A l’intérieur, tout était sale et sobre. Ça puait le renfermé, les carreaux des fenêtres étaient soit cassés soit encrassés. Le den den mushi de service était mort de fatigue depuis longtemps et le plancher craquait sous le poids des clients. Il était collant et puait la pisse et la bière. Quelques lanternes éclairaient difficilement ce repère malfamé qui, malgré le standing peu ragoutant, attirait chaque soir son lot de fidèle. En même temps, c’était le seul rade du coin, pas difficile du coup de réunir la foule. Et cette foule parlons-en. Les mecs du coin travaillaient comme des forçats du soir au matin. Le teint buriné par mille soleils, il parlait un dialecte unique et surtout incompréhensible. Ils mangeaient un mot sur deux et se marraient à des blagues que personnes ne trouvaient drôle sauf eux. Remarque, personne sauf eux ne les comprenaient. Leurs odeurs n’avaient pas à envier leur humour, les deux étant plus que douteux. Toutefois, jamais personne n’avait quoi que ce soit à redire quant au travail qu’ils abattaient chaque jour. Dans un ballet mécanique ou chaque rouage était bien huilé, ils pouvaient se comprendre sans parler tout en déchargeant des cargaisons à vitesse grand V. L’inverse aussi était vrai.

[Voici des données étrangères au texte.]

(* Let $d\ge3$, $n\ge1$ and $0\le c<\frac1{d(d-1)}$. For $\epsilon\ge0$ with $c+\epsilon\le\frac1{d(d-1)}$ let $$\rho(c,\epsilon)=\Big(\frac1{2d}-\frac{d-1}2(c+\epsilon)\Big)\sum_{i=0}^{d-1}|ii\rangle\langle ii|+\Big(\frac1{d(d-1)}+\epsilon\Big)\sum_{i<j}|\psi^-_{ij}\rangle\langle\psi^-_{ij}|+c\sum_{i<j}|\psi^+_{ij}\rangle\langle\psi^+_{ij}|.$$ Then there exists $\epsilon_0=\epsilon_0(c,n)>0$ such that for all $0\le\epsilon\le\epsilon_0$, $\rho(c,\epsilon)$ is pseudo $n$-copy undistillable, i.e. $\langle\psi|(\rho(c,\epsilon)^{PT})^{\otimes n}|\psi\rangle\ge0$ for every $|\psi\rangle\in(\mathbb{C}^d)^{\otimes n}_A\otimes(\mathbb{C}^d)^{\otimes n}_B$ of Schmidt rank two.
   Context: $|\psi^{\pm}_{ij}\rangle=\frac1{\sqrt2}(|ij\rangle\pm|ji\rangle)$, sums over $0\le i<j\le d-1$. $\rho^{PT}$ is the partial transpose on the second factor of $\mathbb{C}^d\otimes\mathbb{C}^d$. The space $(\mathbb{C}^d\otimes\mathbb{C}^d)^{\otimes n}$ is regarded as bipartite with the first factor of each copy belonging to $A$; Schmidt rank is with respect to this bipartition. *)

From HB Require Import structures.
From mathcomp Require Import all_boot all_order all_algebra.
From mathcomp Require Export complex.
Set Implicit Arguments. Unset Strict Implicit. Unset Printing Implicit Defensive.
Import Order.TTheory GRing.Theory Num.Theory.
Local Open Scope ring_scope.

Section Defs.
Variable (R : rcfType) (d : nat).
Local Notation C := R[i].

Definition rC (x : R) : C := Complex x 0.

(* basis index of C^d (x) C^d : pairs (first factor, second factor) *)
Definition pidx := ('I_d * 'I_d)%type.

Definition vec2 := pidx -> C.
Definition op2 := pidx -> pidx -> C.

Definition ket (i j : 'I_d) : vec2 := fun x => ((x == (i, j)) : bool)%:R.

Definition psiP (i j : 'I_d) : vec2 := fun x => (ket i j x + ket j i x) / sqrtC 2.
Definition psiM (i j : 'I_d) : vec2 := fun x => (ket i j x - ket j i x) / sqrtC 2.

Definition proj (v : vec2) : op2 := fun x y => v x * (v y)^*.

Definition rho (c eps : R) : op2 := fun x y =>
  (rC (1 / (2 * d%:R) - (d%:R - 1) / 2 * (c + eps))
     * \sum_(i < d) proj (ket i i) x y)
  + (rC (1 / (d%:R * (d%:R - 1)) + eps)
     * \sum_(i < d) \sum_(j < d | (i < j)%N) proj (psiM i j) x y)
  + (rC c * \sum_(i < d) \sum_(j < d | (i < j)%N) proj (psiP i j) x y).

Definition ptrans (X : op2) : op2 := fun x y => X (x.1, y.2) (y.1, x.2).

(* index of (C^d (x) C^d)^{(x) n} split as A-part and B-part:
   a : 'I_n -> 'I_d gives the first factors of each copy, b the second ones *)
Definition tidx (n : nat) := {ffun 'I_n -> 'I_d}.

(* matrix entries of X^{(x) n}, with the k-th copy having row (a k, b k)
   and column (a' k, b' k) *)
Definition tensor_pow (n : nat) (X : op2) (a b a' b' : tidx n) : C :=
  \prod_(k < n) X (a k, b k) (a' k, b' k).

(* a vector psi in (C^d)^{(x)n}_A (x) (C^d)^{(x)n}_B, given by coefficients
   psi a b; <psi| X^{(x)n} |psi> *)
Definition expval (n : nat) (X : op2) (psi : tidx n -> tidx n -> C) : C :=
  \sum_(a : tidx n) \sum_(b : tidx n) \sum_(a' : tidx n) \sum_(b' : tidx n)
    (psi a b)^* * tensor_pow X a b a' b' * psi a' b'.

(* Schmidt rank w.r.t. the A|B bipartition = rank of the coefficient matrix *)
Definition schmidt_rank (n : nat) (psi : tidx n -> tidx n -> C) : nat :=
  \rank (\matrix_(i < #|tidx n|, j < #|tidx n|) psi (enum_val i) (enum_val j)).

End Defs.

Arguments rho {R} d c eps _ _.

From HB Require Import structures.
From mathcomp Require Import all_boot all_order all_algebra.
From mathcomp Require Import complex.
From mathcomp Require Import ring lra.
Import Order.TTheory GRing.Theory Num.Theory.
Local Open Scope ring_scope.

Et c’était tout, il ne fallait pas leur en demander plus. Tout le salaire amassé le jour finissait au fond d’un verre de rhum à la nuit tombé. Loin de vouloir les approcher, les quelques personnes de passages préféraient les ignorer et avaler d’une traite la mixture qu’on leur servait dans ce taudis. Autant dire que le goût était à la hauteur des émanations qui s’en dégageaient. Mais après quelques verres, ça finissait par passé. Surement que le palet était à présent anesthésié.
Au milieu de ceux qui gerbaient, de ceux qui se battaient et de ceux qui déprimaient, un jeune homme avançait en jouant des épaules pour se frayer un passage jusqu’au fond. Derrière lui, il trainait une vieille guitare désaccordé dont la teinte du bois s’accordait parfaitement à celle du plancher. Et puis il attira les ivrognes avec quelques notes qui se changeaient peu à peu en un air triste sur lequel il se mit à chanter de l’Enka. Mais si vous connaissez forcément cet art ancestral. Là, il relatait les déboires d’un matelot en mer qui ne reverrait jamais sa femme et sa fille. Derrière lui, un gringalet était en charge de la mise en scène. Déambulait alors des décors pourris sur une plaque de bois censé imagé fidèlement les paroles. On pouvait dire ce qu’on voulait, le jeune homme se donnait à fond. Son visage se grimaçait de peine dans les moments forts et il arrivait même à continuer comme si de rien n’était lorsqu’un peu tout l’monde se foutait de sa gueule. La dernière note, la dernière parole et puis le voici qui retournait s’assoir à sa table, la tête basse encore ému de sa propre chanson. Après quelques parties de cartes, de jeux d’hasards et autres, la taverne commençait doucement à se vider. Quelques personnes balançaient des Berrys à la table d’Albafica en rigolant et en lui tapotant l’épaule. Lui pensait qu’on remerciait son talent, eux le remerciait de les avoir bien faire rire.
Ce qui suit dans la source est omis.